Cuánto dura una lata de pintura cerrada una vez abierta

Publicado el 25/11/2015

  • Cuánto dura una lata de pintura cerrada una vez abierta

Cuando compramos pintura y nos sobra, lo más lógico es taparla bien y guardarla para otro momento en el que la podamos utilizar. Esto no ocurriría por ejemplo si en lugar de haber comprado un bote grande hubiéramos comprado uno de menor tamaño. En ocasiones hay suerte y solo pasan unas semanas o unos meses y ya podemos encontrar un uso para ese excedente de pintura que nos ha sobrado pero en otras ocasiones la pintura puede estar años almacenada y no darle ninguna salida.


Por ejemplo, si nos encontramos en una ciudad andaluza como es Córdoba, sabremos que la pintura blanca para exteriores nunca debe faltar y por tanto al comprar pintura en Córdoba no importará que sea un bote más grande de lo normal, porque la fachada de las casas tradicionales siempre acostumbra a estar con un blanco radiante.
Pero qué pasa si en lugar de comprar pintura en Córdoba lo hemos hecho en nuestra ciudad, una ciudad del norte donde el clima es completamente diferente y las casas no tienen ese blanco tan impoluto con la que cuentan las casas andaluzas.


Hay que tener bien claro que un bote de pintura, aunque no se haya abierto nunca, no es eterno, y mucho menos si ya ha sido abierto y ha entrado en contacto con el aire, no durará mucho tiempo y puede que cuando quiera usarse esté tan seca que no se pueda ni meter la brocha.


Se dice que una pintura sin abrir puede durar unos 10 años antes de que esta caduque y deje de tener sus propiedades intactas.
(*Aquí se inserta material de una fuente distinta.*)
Lemma cells_exact (yreg : yregular y) I : down_closed I -> forall k v,
  supported (cells I k.+1) v -> (forall c', c' \in cells I k -> cdiff v c' = 0) ->
  exists2 w, supported (cells I k.+2) w & forall c', v c' = cdiff w c'.
Proof.
elim/down_closed_ind => {I} [k v /supported_cells0 v0 _ |
                             I A dI A_max IH k v v_supp v_cycle].
  by exists (fun=> 0) => // c'; rewrite v0 /cdiff big1 // => c _; rewrite mul0r.
have AI : A \in I := maxsetp A_max.
have zA_chain : kchain (removable A) k.+1 (fun T => v (A, T)).
  by move=> T nT; apply: v_supp; rewrite inE /= AI.
have zA_cycle T' : T' \subset removable A -> #|T'| = k ->
    kdiff y (fun T => v (A, T)) T' = 0.
  move=> sub cT'; rewrite -(cdiff_max _ A_max v_supp) v_cycle //.
  by rewrite inE /= AI sub cT' eqxx.
have [wA wA_chain v_wA] := koszul_exact yreg zA_chain zA_cycle.
have lift_supp := cell_lift_supported AI wA_chain.
pose v' c := v c - cdiff (cell_lift A wA) c.
have v'_supp : supported (cells (I :\ A) k.+1) v'.
  apply: supported_peel => // T; rewrite inE /= => /and3P[_ sub /eqP cT].
  by rewrite (cdiff_lift _ A_max wA_chain) -v_wA.
have v'_cycle c' : c' \in cells (I :\ A) k -> cdiff v' c' = 0.
  move=> c'_in; rewrite cdiffB cdiffK v_cycle ?subr0 //.
  exact: (subsetP (cellsD1_sub I A k)).
have [w' w'_supp v_w'] := IH k v' v'_supp v'_cycle.
exists (fun c => cell_lift A wA c + w' c).
  by move=> c c_out; rewrite lift_supp // (supported_cellsD1 w'_supp) ?add0r.
by move=> c'; rewrite cdiffD -v_w' addrC subrK.
Qed.

Variable u : {set P} -> R.
Hypothesis u_xy : forall A t, t \in A -> y t * u A = x t * u (A :\ t).

Definition augment v := \sum_c v c * u c.1.

Lemma augment_cdiff I k w : supported (cells I k) w -> augment (cdiff w) = 0.
Proof.
move=> w_supp; rewrite /augment /cdiff; under eq_bigr do rewrite mulr_suml.
rewrite exchange_big big1 // => c _.
have [c_in|c_out] := boolP (c \in cells I k); last first.
  by apply: big1 => c' _; rewrite w_supp // !mul0r.
transitivity (w c * \sum_c' cell_bd c c' * u c'.1).
  by rewrite mulr_sumr; apply: eq_bigr => c' _; rewrite mulrA.
rewrite sum_cell_bd big1 ?mulr0 // => t tT /=.
move: c_in; rewrite inE => /and3P[_ sub _].
by rewrite u_xy ?subrr ?mulr0 // (subsetP (removable_sub _)) // (subsetP sub).
Qed.

Lemma augmentB v w : augment (fun c => v c - w c) = augment v - augment w.
Proof. by rewrite /augment -sumrB; apply: eq_bigr => c _; rewrite mulrBl. Qed.

Lemma augment_cells0 I v : supported (cells I 0) v ->
  augment v = \sum_(B in I) v (B, set0) * u B.
Proof.
move=> v_supp; rewrite /augment sum_cell [RHS]big_mkcond /=; apply: eq_bigr => B _.
rewrite (bigD1 set0) //= big1 ?addr0 => [|T nT].
  by case: ifP => // BI; rewrite v_supp ?mul0r // inE /= BI.
by rewrite v_supp ?mul0r // inE /= cards_eq0 (negbTE nT) !andbF.
Qed.

Definition colon_removable := forall I A, down_closed I -> maxset (mem I) A ->
  forall a, (exists c : {set P} -> R, a * u A = \sum_(B in I :\ A) c B * u B) ->
  in_yideal y (removable A) a.

Lemma cells_exact_augment (colon : colon_removable) I : down_closed I -> forall v,
  supported (cells I 0) v -> augment v = 0 ->
  exists2 w, supported (cells I 1) w & forall c', v c' = cdiff w c'.
Proof.
elim/down_closed_ind => {I} [v /supported_cells0 v0 _ |
                             I A dI A_max IH v v_supp v_aug].
  by exists (fun=> 0) => // c'; rewrite v0 /cdiff big1 // => c _; rewrite mul0r.
have AI : A \in I := maxsetp A_max.
have [ct v_ct] : in_yideal y (removable A) (v (A, set0)).
  apply: (colon I A dI A_max); exists (fun B => - v (B, set0)).
  move: v_aug; rewrite (augment_cells0 v_supp) (bigD1 A) //= => /eqP.
  rewrite addr_eq0 => /eqP ->; rewrite -sumrN.
  by apply: eq_big => [B|B _]; rewrite ?mulNr // in_setD1 andbC.
have ct_chain : kchain (removable A) 1 (singleton_chain (removable A) ct).
  exact: singleton_chainP.
pose wA := cell_lift A (singleton_chain (removable A) ct).
have wA_supp : supported (cells I 1) wA := cell_lift_supported AI ct_chain.
pose v' c := v c - cdiff wA c.
have v'_supp : supported (cells (I :\ A) 0) v'.
  apply: supported_peel => // T; rewrite inE /= => /and3P[_ _ /eqP/cards0_eq ->].
  by rewrite (cdiff_lift _ A_max ct_chain) kdiff_singleton_chain.
have v'_aug : augment v' = 0 by rewrite augmentB v_aug (augment_cdiff wA_supp) subr0.
have [w' w'_supp v_w'] := IH v' v'_supp v'_aug.
exists (fun c => wA c + w' c).
  by move=> c c_out; rewrite wA_supp // (supported_cellsD1 w'_supp) ?add0r.
by move=> c'; rewrite cdiffD -v_w' addrC subrK.
Qed.

End CellComplex.

Section VariableIdeals.
Variables (K : fieldType) (N : nat).
Local Notation S := {mpoly K[N]}.
Lemma vnormZ a u : vnorm (fun i => a * u i) = Rabs a * vnorm u.
Proof.
rewrite /vnorm dotZl dotZr -Rmult_assoc sqrt_mult; [|nra|exact: dot_ge0].
by rewrite -sqrt_Rsqr_abs.
Qed.

Lemma cauchy_schwarz u v : Rabs (dot u v) <= vnorm u * vnorm v.
Proof.
have : dot u v * dot u v <= dot u u * dot v v.
  apply: quadratic_ge0_discr => t; have := dot_ge0 (fun i => u i + t * v i).
  by rewrite dotDl !dotDr !dotZl !dotZr (dotC v u); lra.
rewrite -!vnorm_sqr => H.
rewrite -[X in _ <= X]Rabs_pos_eq; last by apply: Rmult_le_pos; apply: vnorm_ge0.
by apply: Rsqr_le_abs_0; rewrite /Rsqr; nra.
Qed.

Lemma dot_le_vnorm u v : dot u v <= vnorm u * vnorm v.
Proof. exact: Rle_trans (Rle_abs _) (cauchy_schwarz u v). Qed.

End Vectors.

Section Matrices.
Variable n : nat.
Implicit Types (u v w : vec n) (A : mat n).

Lemma mvE A v i : mv A v i = (\sum_(j < n) A i j * v j)%R.
Proof. by []. Qed.

Lemma mvDl A B v i : mv (madd A B) v i = mv A v i + mv B v i.
Proof. by rewrite !mvE -big_split; apply: eq_bigr => j _; apply: mulrDl. Qed.

Lemma mvBl A B v i : mv (msub A B) v i = mv A v i - mv B v i.
Proof.
rewrite !mvE; change (?a - ?b) with (a + - b)%R; rewrite -sumrN -big_split.
by apply: eq_bigr => j _; apply: mulrBl.
Qed.

Lemma mvDr A u v i : mv A (fun j => u j + v j) i = mv A u i + mv A v i.
Proof. by rewrite !mvE -big_split; apply: eq_bigr => j _; apply: mulrDr. Qed.

Lemma mvZr A a v i : mv A (fun j => a * v j) i = a * mv A v i.
Proof.
rewrite !mvE; change (a * ?x) with (a * x)%R; rewrite mulr_sumr.
by apply: eq_bigr => j _; apply: mulrCA.
Qed.

Lemma mv_lincomb A u v t i :
  mv A (fun j => u j + t * v j) i = mv A u i + t * mv A v i.
Proof. by rewrite mvDr mvZr. Qed.

Lemma mv_zero_mat A v : is_zero_mat A -> mv A v =1 (fun=> 0).
Proof. by move=> A0 i; rewrite mvE big1 // => j _; rewrite A0 mul0r. Qed.

Lemma dot_gt0 v : (exists i, v i <> 0) -> 0 < dot v v.
Proof.
move=> [i vi]; case: (Rle_lt_or_eq_dec _ _ (dot_ge0 v)) => // /esym/dot_eq0 v0.
by case: (vi (v0 i)).
Qed.

Lemma psd_eigenvalue_ge0 A mu : psd A -> is_eigenvalue A mu -> 0 <= mu.
Proof.
move=> psdA [v [v_neq0 Av]].
have := psdA v; rewrite (eq_dot (frefl _) Av) dotZr.
by have := dot_gt0 v_neq0; nra.
Qed.

Lemma dot_mv_sym A u v : mat_symmetric A -> dot (mv A u) v = dot u (mv A v).
Proof.
move=> symA; rewrite !dotE.
under eq_bigr => i _ do rewrite mvE mulr_suml.
under [RHS]eq_bigr => i _ do rewrite mvE mulr_sumr.
rewrite exchange_big; apply: eq_bigr => i _; apply: eq_bigr => j _.
by rewrite (symA j i) mulrA (mulrC (u i)).
Qed.

Lemma quad_form_lincomb A u v t : mat_symmetric A ->
  dot (fun i => u i + t * v i) (mv A (fun i => u i + t * v i))
  = dot u (mv A u) + 2 * dot u (mv A v) * t + dot v (mv A v) * t * t.
Proof.
move=> symA; rewrite (eq_dot (frefl _) (mv_lincomb A u v t)).
rewrite dotDl !dotDr !dotZl !dotZr (dotC v (mv A u)) (dot_mv_sym u v symA).
by ring.
Qed.

Lemma psd_cauchy_schwarz A u v : mat_symmetric A -> psd A ->
  dot u (mv A v) * dot u (mv A v) <= dot u (mv A u) * dot v (mv A v).
Proof.
move=> symA psdA; apply: quadratic_ge0_discr => t.
by rewrite -quad_form_lincomb //; apply: psdA.
Qed.

(* Cauchy-Schwarz for the semi-inner product [(u, v) |-> u' A v], applied to [w]
   and [A w]. *)
Lemma psd_vnorm_mv_le A mu w : mat_symmetric A -> psd A -> 0 <= mu ->
  (forall w, dot w (mv A w) <= mu * dot w w) -> vnorm (mv A w) <= mu * vnorm w.
Proof.
move=> symA psdA mu0 rayleigh.
set p := mv A w.
have pp0 := dot_ge0 p; have ww0 := dot_ge0 w.
have Hcs := psd_cauchy_schwarz w p symA psdA.
rewrite -(dot_mv_sym _ _ symA) -/p in Hcs.
have Hw : dot w p <= mu * dot w w := rayleigh w.
have Hp := rayleigh p; have wAw0 : 0 <= dot w p := psdA w.
have Hpp : dot p p <= mu * mu * dot w w.
  case: (Rle_lt_or_eq_dec _ _ pp0) => [ppP | <-]; last nra.
  apply: (Rmult_le_reg_r (dot p p)) => //.
  have pAp0 := psdA p.
  have := Rmult_le_compat _ _ _ _ wAw0 pAp0 Hw Hp; nra.
rewrite /vnorm -(sqrt_Rsqr mu) // -sqrt_mult; [|exact: Rle_0_sqr|exact: ww0].
exact: sqrt_le_1_alt.
Qed.

End Matrices.

Section RayleighQuotient.
Variable n : nat.
Implicit Types (A : mat n).
Local Open Scope classical_set_scope.

Definition vec_of_row (w : 'rV[R]_n) : vec n := fun i => w ord0 i.

Lemma vec_of_rowK v : vec_of_row (\row_j v j) = v.
Proof. by apply: funext => i; rewrite /vec_of_row mxE. Qed.

Lemma continuous_bigsum (T : topologicalType) (I : Type) (r : seq I) (P : pred I)
    (F : I -> T -> R) :
  (forall j, continuous (F j)) -> continuous (fun x => (\sum_(j <- r | P j) F j x)%R).
Proof.
move=> cF; elim: r => [|a r IHr].
  by under eq_fun do rewrite big_nil; apply: cst_continuous.
under eq_fun do rewrite big_cons.
case: (P a) => // x.
exact: (@continuousD R R^o T (F a) (fun x => \sum_(j <- r | P j) F j x)%R x (cF a x) (IHr x)).
Qed.

Lemma continuous_dot (F G : 'I_n -> 'rV[R]_n -> R) :
  (forall i, continuous (F i)) -> (forall i, continuous (G i)) ->
  continuous (fun w => dot (fun i => F i w) (fun i => G i w)).
Proof.
move=> cF cG; apply: (@continuous_bigsum _ _ _ _ (fun i w => F i w * G i w)) => i x.
by apply: continuousM; [apply: cF | apply: cG].
Qed.

Lemma continuous_mv A i : continuous (fun w => mv A (vec_of_row w) i).
Proof.
apply: (@continuous_bigsum _ _ _ _ (fun j w => A i j * vec_of_row w j)) => j x.
by apply: continuousM; [apply: cst_continuous | apply: coord_continuous].
Qed.

Lemma rayleigh_max A : (0 < n)%N ->
  exists2 v : vec n, dot v v = 1 &
    forall w : vec n, dot w w = 1 -> dot w (mv A w) <= dot v (mv A v).
Proof.
move=> n_gt0.
pose sphere := (fun w : 'rV[R]_n => dot (vec_of_row w) (vec_of_row w)) @^-1` [set 1].
have sphere_closed : closed sphere.
  apply: preimage_closed; last exact: closed_eq.
  by move=> w _; apply: continuous_dot => i; apply: coord_continuous.
have cube_compact : compact [set w : 'rV[R]_n | forall i, `[-1, 1]%classic (w ord0 i)].
  by apply: (@rV_compact R n (fun=> `[-1, 1]%classic)) => _; apply: segment_compact.
have sphere_compact : compact sphere.
  apply: (subclosed_compact sphere_closed cube_compact) => w /= w1 i.
  have := sqr_le_dot (vec_of_row w) i; rewrite w1 /vec_of_row => wi.
  rewrite /= in_itv /=; apply/andP; split; apply/RleP; nra.
have sphere_neq0 : sphere !=set0.
  exists (\row_j if j == Ordinal n_gt0 then 1 else 0)%R.
  rewrite /sphere /= vec_of_rowK dotE (bigD1 (Ordinal n_gt0)) //= big1 => [|j /negbTE ->].
    by rewrite mulr1 addr0.
  exact: mulr0.
have rayleigh_cont : continuous (fun w => dot (vec_of_row w) (mv A (vec_of_row w))).
  apply: continuous_dot => i; [exact: coord_continuous | exact: continuous_mv].
have [c] := EVT_max_rV sphere_neq0 sphere_compact (continuous_subspaceT rayleigh_cont).
rewrite inE => c1 cmax; exists (vec_of_row c) => // w w1.
by apply/RleP; rewrite -[w]vec_of_rowK; apply: cmax; rewrite inE /sphere /= vec_of_rowK.
Qed.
Vale, sin abrir, pero… ¿y cuándo ya se ha abierto? ¿Y si no se sabe o no se recuerda haber abierto?


Lo primero que tendremos que hacer en este caso es buscar la fecha impresa en el exterior de la lata o el bote, lo que nos dará una fecha más exacta de su fabricación, aunque no nos dirá si fue abierta o no. Ante este caso tendremos que abrirla y oler la pintura.


Hay determinadas clases de pinturas que cuentan con una proteína llamada caseína que podemos encontrar en la leche. Como sucede en el lácteo, esta proteína huele mal si dejamos la leche abierta aunque taponada durante mucho tiempo; pues lo mismo ocurre con algunas pinturas.

 


Otra forma de comprobarlo es su consistencia y para ello tendremos que hundir un palo limpio en la pintura y buscar si hay alguna clase de sedimentos en el fondo de la lata. En caso de encontrarlos hay que tratar de removerlos y si no se disuelven no debemos utilizar la pintura bajo ningún concepto, en caso de que se disuelvan podremos usarla, pero solo bajo nuestro propio riesgo.


Si nos animamos a pintar con ella, antes de comenzar con una pared, por ejemplo, tendremos que hacer una prueba tras un mueble o en una zona que no sea demasiado visible. Si notamos que la pintura no es consistente y está más líquida que la consistencia que debería tener, debemos tirarla. Si se adhiere bien hay que comprobar el tiempo que tarda en secarse y lo comprobaremos con el que aparece en el bote, si tarda bastante más o menos, tampoco debe ser usada.